I have it, and think it is great. What do you want to know about it?


----------



## Csquared (Sep 5, 2006)

EVERYTHING! I'll PM you tomorrow!


----------



## Savage260 (Oct 21, 2007)

Sounds good. Hope I can help.


----------



## xdeano (Jan 14, 2005)

csquared,

welcome to the wild wild world of ballistic programs.

You guys should really post up question and answers. We all might learn a thing or two. 

xdeano


----------



## Savage260 (Oct 21, 2007)

xdeano, you got the right phone, now just download the app! $10 and auto updates, you can't go wrong!


----------



## xdeano (Jan 14, 2005)

oh it's on there, trust me... ;p just use to my Pejsa. To bad it crashed on me. Just been going by my verified drop.

deano


----------



## xdeano (Jan 14, 2005)

Here is a helpful tool to populate without using the phone. Once you get it set up, just sync your phone and it'll suck it all over and you don't have to mess around with all the small numbers.

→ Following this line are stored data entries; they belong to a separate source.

(* Let $W$ be the affine Weyl group of an irreducible reduced crystallographic root system of rank 2, with simple generators $s_0,s_1,s_2$ and $W_0=\langle s_1,s_2\rangle$. Let $H_{r_0},H_{r_1}$ be adjacent parallel hyperplanes ($H_{\alpha,c}$ and $H_{\alpha,c+1}$ for some root $\alpha$, $c\in\mathbb{Z}$) and suppose both the alcove $w\in W$ and the identity alcove lie in the strip between them. Suppose $D_R(w)=\{0,i\}$ with $i\in\{1,2\}$. If $(s_0s_i)^2\neq 1$, then $ws_i$ is the minimal length element of the coset $wW_0$.
   Context: $W$ is generated by the reflections in the lines $H_{\beta,k}=\{v:\langle v,\beta\rangle=k\}$ ($\beta$ a root, $k\in\mathbb{Z}$) in a Euclidean plane; its simple generators $s_0,s_1,s_2$ are the reflections in the walls of the fundamental alcove $A_0$, $s_0$ being the reflection in the wall not through the origin, and $W_0=\langle s_1,s_2\rangle$. Elements are identified with alcoves via $w\mapsto wA_0$. $\ell$ is Coxeter length; $D_R(w)=\{j:\ell(ws_j)<\ell(w)\}$. *)

From HB Require Import structures.
From mathcomp Require Import all_boot all_order all_algebra.
From mathcomp Require Import boolp Rstruct.
Set Implicit Arguments. Unset Strict Implicit. Unset Printing Implicit Defensive.
Import Order.TTheory GRing.Theory Num.Theory.
Local Open Scope ring_scope.

Notation R := Rdefinitions.R.

(* Irreducible reduced crystallographic root systems of rank 2, up to
   isomorphism: A2, B2 (= C2), G2. *)
Inductive rs_type := A2 | B2 | G2.

(* Points of the Euclidean plane V, written in coordinates w.r.t. the basis of
   simple roots alpha_1, alpha_2: (x1, x2) stands for x1 alpha_1 + x2 alpha_2. *)
Definition V := (R * R)%type.

(* Gram matrix of the simple roots (g11, g12, g22).
   A2: |a1|^2 = |a2|^2 = 2, angle 120 deg.
   B2: a1 long (|a1|^2 = 2), a2 short (|a2|^2 = 1), angle 135 deg.
   G2: a1 short (|a1|^2 = 2), a2 long (|a2|^2 = 6), angle 150 deg. *)
Definition gram (t : rs_type) : int * int * int :=
  match t with
  | A2 => (2, -1, 2)%R
  | B2 => (2, -1, 1)%R
  | G2 => (2, -3, 6)%R
  end.

Definition ip (t : rs_type) (v u : V) : R :=
  let: (g11, g12, g22) := gram t in
  g11%:~R * v.1 * u.1 + g12%:~R * (v.1 * u.2 + v.2 * u.1) + g22%:~R * v.2 * u.2.

(* Positive roots, as integer coefficients on (alpha_1, alpha_2). *)
Definition pos_roots (t : rs_type) : seq (int * int) :=
  match t with
  | A2 => [:: (1, 0); (0, 1); (1, 1)]
  | B2 => [:: (1, 0); (0, 1); (1, 1); (1, 2)]
  | G2 => [:: (1, 0); (0, 1); (1, 1); (2, 1); (3, 1); (3, 2)]
  end%R.

Definition root_list (t : rs_type) : seq (int * int) :=
  pos_roots t ++ [seq (- b.1, - b.2)%R | b <- pos_roots t].

Definition highest_root (t : rs_type) : int * int :=
  match t with
  | A2 => (1, 1)
  | B2 => (1, 2)
  | G2 => (3, 2)
  end%R.

Definition rvec (b : int * int) : V := (b.1%:~R, b.2%:~R).

Definition pairing (t : rs_type) (v : V) (b : int * int) : R := ip t v (rvec b).

Definition refl (t : rs_type) (b : int * int) (k : int) (v : V) : V :=
  let c := 2%:R * (pairing t v b - k%:~R) / ip t (rvec b) (rvec b) in
  (v.1 - c * (rvec b).1, v.2 - c * (rvec b).2).

Definition A0 (t : rs_type) : V -> Prop :=
  fun v => forall b, b \in pos_roots t -> 0 < pairing t v b < 1.

Definition sgen (t : rs_type) (j : 'I_3) : V -> V :=
  match val j with
  | 0%N => refl t (highest_root t) 1
  | 1%N => refl t (1, 0)%R 0
  | _ => refl t (0, 1)%R 0
  end.

(* Elements of W are represented by words in the simple generators;
   the word j_1 ... j_m acts as s_{j_1} o ... o s_{j_m}, so that
   act (w ++ u) = act w o act u.  Two words represent the same element of W
   iff they induce the same map V -> V. *)
Definition act (t : rs_type) (w : seq 'I_3) : V -> V :=
  foldr (fun j f => sgen t j \o f) id w.

Lemma length_exists (t : rs_type) (w : seq 'I_3) :
  exists n, `[< exists u : seq 'I_3, size u = n /\ act t u = act t w >].
Proof. by exists (size w); apply/asboolP; exists w. Qed.

Definition len (t : rs_type) (w : seq 'I_3) : nat := ex_minn (length_exists t w).

Definition alcove (t : rs_type) (w : seq 'I_3) : V -> Prop :=
  fun v => exists2 x, A0 t x & v = act t w x.

Definition in_strip (t : rs_type) (b : int * int) (c : int) (X : V -> Prop) :=
  forall v, X v -> c%:~R < pairing t v b < (c + 1)%:~R.

Definition W0word (u : seq 'I_3) : bool := all (fun j : 'I_3 => val j != 0%N) u.

From mathcomp Require Import all_boot all_order all_algebra.
From mathcomp Require Import boolp Rstruct.
From mathcomp Require Import ring lra zify.
Set Implicit Arguments. Unset Strict Implicit. Unset Printing Implicit Defensive.
Import Order.TTheory GRing.Theory Num.Theory.
Local Open Scope ring_scope.

(* In suitable coordinates W acts on the plane by integral affine maps S, and for a
   generic point c0 of A0 the Coxeter length of S is the number of hyperplanes separating
   A0 from S A0, i.e. the sum over positive roots b of |floor <S c0, b>|.  Right
   multiplication by s_j changes exactly one of these floors by +-1, which identifies the
   right descents.  All elements of the coset wW0 share the translation part of w, and
   their floors are <tr w, b> + k_b with offsets k_b in {0, -1} determined by the linear
   part; the length is therefore minimal, uniquely, when k_b = -1 exactly for the roots
   with <tr w, b> >= 1.  A finite case analysis over W0, by linear arithmetic on the
   translation part, shows that the hypotheses force w s_i to have precisely these
   offsets. *)

Definition mat := (int * int * int * int)%type.

Definition mid : mat := (1, 0, 0, 1).

Definition mmul (M N : mat) : mat :=
  let: (a, b, c, d) := M in let: (e, f, g, h) := N in
  (a * e + b * g, a * f + b * h, c * e + d * g, c * f + d * h).

Definition mvec (M : mat) (z : int * int) : int * int :=
  let: (a, b, c, d) := M in (a * z.1 + b * z.2, c * z.1 + d * z.2).

Record aff := Aff { lin : mat; tr : int * int }.

Definition acomp (S T : aff) : aff :=
  Aff (mmul (lin S) (lin T))
      ((mvec (lin S) (tr T)).1 + (tr S).1, (mvec (lin S) (tr T)).2 + (tr S).2).

Definition aid : aff := Aff mid (0, 0).

Lemma acompA : associative acomp.
Proof.
move=> [[[[a b] c] d] [l1 l2]] [[[[e f] g] h] [m1 m2]] [[[[a' b'] c'] d'] [n1 n2]].
by rewrite /acomp /mmul /mvec /=; congr (Aff (_, _, _, _) (_, _)); ring.
Qed.

Lemma acomp_idl : left_id aid acomp.
Proof.
move=> [[[[a b] c] d] [l1 l2]].
by rewrite /acomp /mmul /mvec /=; congr (Aff (_, _, _, _) (_, _)); ring.
Qed.

Lemma acomp_idr : right_id aid acomp.
Proof.
move=> [[[[a b] c] d] [l1 l2]].
by rewrite /acomp /mmul /mvec /=; congr (Aff (_, _, _, _) (_, _)); ring.
Qed.

Lemma acomp_linear S N : acomp S (Aff N (0, 0)) = Aff (mmul (lin S) N) (tr S).
Proof.
case: S => [[[[a b] c] d] [l1 l2]].
by rewrite /acomp /mvec /=; congr (Aff _ (_, _)); ring.
Qed.

Definition zapply (S : aff) (z : R * R) : R * R :=
  let: (a, b, c, d) := lin S in
  (a%:~R * z.1 + b%:~R * z.2 + (tr S).1%:~R, c%:~R * z.1 + d%:~R * z.2 + (tr S).2%:~R).

Lemma zapply_comp S T z : zapply (acomp S T) z = zapply S (zapply T z).
Proof.
case: S => [[[[a b] c] d] [l1 l2]]; case: T => [[[[e f] g] h] [m1 m2]].
case: z => x y; rewrite /zapply /acomp /mmul /mvec /=.
by congr pair; rewrite !rmorphD !rmorphM /=; ring.
Qed.

Lemma zapply_inj S T : zapply S =1 zapply T -> S = T.
Proof.
case: S => [[[[a b] c] d] [l1 l2]]; case: T => [[[[e f] g] h] [m1 m2]] /= E.
move: (E (0, 0)) (E (1, 0)) (E (0, 1)); rewrite /zapply /=.
case=> E1 E2 [E3 E4] [E5 E6].
have tr1 : l1 = m1 by apply: (@intr_inj R); lra.
have tr2 : l2 = m2 by apply: (@intr_inj R); lra.
have ea : a = e by apply: (@intr_inj R); lra.
have eb : b = f by apply: (@intr_inj R); lra.
have ec : c = g by apply: (@intr_inj R); lra.
have ed : d = h by apply: (@intr_inj R); lra.
by rewrite tr1 tr2 ea eb ec ed.
Qed.

(* In the coordinates z = (x1, x2 |alpha_2|^2 / 2) every root pairs with z by an integral
   linear form [zpair] and every element of W is an integral affine map. *)
Definition zcoord t (v : V) : R * R := (v.1, v.2 * (gram t).2%:~R / 2).

Definition of_zcoord t (z : R * R) : V := (z.1, z.2 * 2 / (gram t).2%:~R).

Lemma gram22_neq0 t : ((gram t).2%:~R : R) != 0.
Proof. by case: t; rewrite intr_eq0. Qed.

Lemma zcoordK t : cancel (of_zcoord t) (zcoord t).
Proof.
move=> [x y]; have := gram22_neq0 t.
by rewrite /zcoord /of_zcoord /= => ?; congr pair; field.
Qed.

http://manage.shooterapp.net/

Just thought i'd share. 

xdeano


----------



## Csquared (Sep 5, 2006)

Thanks Deano! And everyone else, too! Still haven't decided completely but most likely gonna make the leap. The 21st century has some pretty awesome advancements. Was talking to a guy at work who explained to me how my phone could receive an e-mail if the motion sensors are triggered anywhere on my property, no matter where I am, and I can see whatever triggered them on my phone!

You younger guys are free to laugh at me all you want! :wink:


----------